Su Traición, Mi Renacer

Autor: : Leontyne Brymer
Género: Moderno
El olor a gasolina y aceite de motor era mi perfume, el aire que me daba vida. Pero esa tarde, mi exnovio Mateo apareció y lanzó la bomba: había vendido mi Impala del 67, "El Fantasma" , la obra de arte que me tomó dos años restaurar, a su ex. Y no a cualquiera, a Valentina, la corredora de autos ciega de la que nunca dejaba de hablar con lástima y admiración. Sentí un pistón fallar en mi corazón. "No tenías derecho" , susurré, mientras mis ojos ardían. Él intentó justificarlo: "Valentina lo necesita para volver a las carreras, tú dijiste que era una bestia salvaje" . Pero el universo digital que solo yo podía ver, el foro de automovilistas que parpadeaba en mi monitor, me reveló la verdad. Un usuario llamado 'LaTuercaFloja' lo escribió crudamente: "El plan es sabotear el coche. Un fallo en los frenos en la recta final. Quieren que parezca un accidente trágico" . Mi creación, mi Fantasma, iba a ser el arma en un asesinato. La traición me golpeó como un choque frontal. Mateo esperaba mi colapso, pero lo que encontró fue un hielo puro. "¡Largo de aquí, Mateo! ¡Ahora!" , grité. Él se fue, dejando un portazo que hizo vibrar mi taller, pero su amenaza resonó más fuerte: "No te atrevas a acercarte a esa carrera" . Cada palabra amable de él, cada gesto de apoyo, se retorció en veneno. Comprendí que para Mateo, mi coche nunca fue una pasión compartida, sino una herramienta en su juego de ambición. No había tiempo para el dolor, solo para la acción. El foro parpadeó de nuevo: "Sofía es la única que puede detenerlo. Ella construyó ese coche. Ella conoce su alma" . Subí a mi motocicleta, el motor rugiendo como un grito de guerra, y salí hacia la noche. Iba a salvar a mi coche, a una mujer inocente, y a exponer al monstruo que se había escondido detrás de la máscara de mi amor. Mi determinación era ahora un motor V8 a toda potencia.

Introducción

El olor a gasolina y aceite de motor era mi perfume, el aire que me daba vida.

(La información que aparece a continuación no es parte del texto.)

Let finite_products_indep v K E : F v K -> finite_products v E ->
  Pr P (E `&` K) = Pr P E * Pr P K.
Proof.
move=> FK [s [A [vs FA ->]]].
have -> : [set` s] = [set` undup s] by apply/seteqP; split => u; rewrite /= mem_undup.
have vs' : v \notin undup s by rewrite mem_undup.
have FA' u : u \in undup s -> F u (A u) by rewrite mem_undup; exact: FA.
pose A' u := if u == v then K else A u.
have E_K : \bigcap_(u in [set` v :: undup s]) A' u =
           \bigcap_(u in [set` undup s]) A u `&` K.
  apply/seteqP; split => t /=.
    move=> At; split; last by have /= := At v; rewrite /A' mem_head eqxx; apply.
    move=> u us; have /= := At u; rewrite in_cons us orbT /A'.
    by case: eqP => [uv|_]; [rewrite -uv us in vs' | apply].
  move=> [At Kt] u /=; rewrite in_cons /A'.
  by case: eqP => // _ /= us; exact: At.
have prodA' : (\prod_(u <- undup s) P (A' u) = \prod_(u <- undup s) P (A u))%E.
  by apply: eq_big_seq => u us; rewrite /A'; case: eqP => // uv; rewrite -uv us in vs'.
have IEK : P (\bigcap_(u in [set` undup s]) A u `&` K) =
           (P K * P (\bigcap_(u in [set` undup s]) A u))%E.
  have uvs : uniq (v :: undup s) by rewrite /= vs' undup_uniq.
  have FA'' u : u \in v :: undup s -> F u (A' u).
    by rewrite in_cons /A'; case: eqP => [->|_ /FA'] //.
  rewrite -E_K (F_indep uvs FA'') big_cons prodA' (F_indep (undup_uniq s) FA').
  by rewrite /A' eqxx.
have mA : measurable (\bigcap_(u in [set` undup s]) A u).
  by rewrite bigcap_seq big_seq; apply: bigsetI_measurable => u /FA' /F_meas.
rewrite /Pr IEK fineM ?fin_num_measure //; first exact: mulrC.
exact: F_meas FK.
Qed.

Lemma indep_others v K E : F v K -> others_sigma v E ->
  Pr P (E `&` K) = Pr P E * Pr P K.
Proof.
move=> FK; have mK := F_meas FK.
pose H := [set E | measurable E /\ Pr P (E `&` K) = Pr P E * Pr P K].
have dH : dynkin H.
  split.
  - by split => //; rewrite setTI PrT mul1r.
  - move=> A [mA IA]; split; first exact: measurableC.
    rewrite setIC PrIC // setIC IA -[~` A]setTI PrIC // setTI PrT; ring.
  - move=> G tG HG; have mG n := (HG n).1.
    have mUG : measurable (\bigcup_n G n) by exact: bigcupT_measurable.
    split => //; apply: EFin_inj.
    rewrite EFinM -!PrE //; last exact: measurableI.
    rewrite setI_bigcupl !measure_bigcup //; last 2 first.
    + by move=> n _; exact: measurableI.
    + exact: trivIset_setIr.
    rewrite (PrE P mK) muleC -nneseriesZl //; apply: eq_eseriesr => n _.
    change (P (G n `&` K) = ((Pr P K)%:E * P (G n))%E).
    rewrite PrE; last exact: measurableI.
    by rewrite (HG n).2 (PrE P (mG n)) EFinM muleC.
have prodH : finite_products v `<=` H.
  move=> E' pE'; split; last exact: finite_products_indep FK pE'.
  have [s [A [_ FA ->]]] := pE'.
  by rewrite bigcap_seq big_seq; apply: bigsetI_measurable => u /FA /F_meas.
move=> oE; suff [] : H E by [].
have lH : lambda_system setT H by exact/dynkin_lambda_system.
apply: (lambda_system_subset (@finite_products_setI v) lH prodH) => //.
apply: (sub_sigma_algebra2 _ oE) => A [u /= uv FA].
exists [:: u], (fun=> A); split.
- by rewrite inE eq_sym.
- by move=> w; rewrite inE => /eqP ->.
- by apply/seteqP; split => [t At u' _ //|t /(_ u)]; apply; rewrite /= inE.
Qed.
End independence_from_the_rest.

Pero esa tarde, mi exnovio Mateo apareció y lanzó la bomba: había vendido mi Impala del 67, "El Fantasma" , la obra de arte que me tomó dos años restaurar, a su ex.

Y no a cualquiera, a Valentina, la corredora de autos ciega de la que nunca dejaba de hablar con lástima y admiración.

Sentí un pistón fallar en mi corazón.

"No tenías derecho" , susurré, mientras mis ojos ardían.

Él intentó justificarlo: "Valentina lo necesita para volver a las carreras, tú dijiste que era una bestia salvaje" .

Pero el universo digital que solo yo podía ver, el foro de automovilistas que parpadeaba en mi monitor, me reveló la verdad.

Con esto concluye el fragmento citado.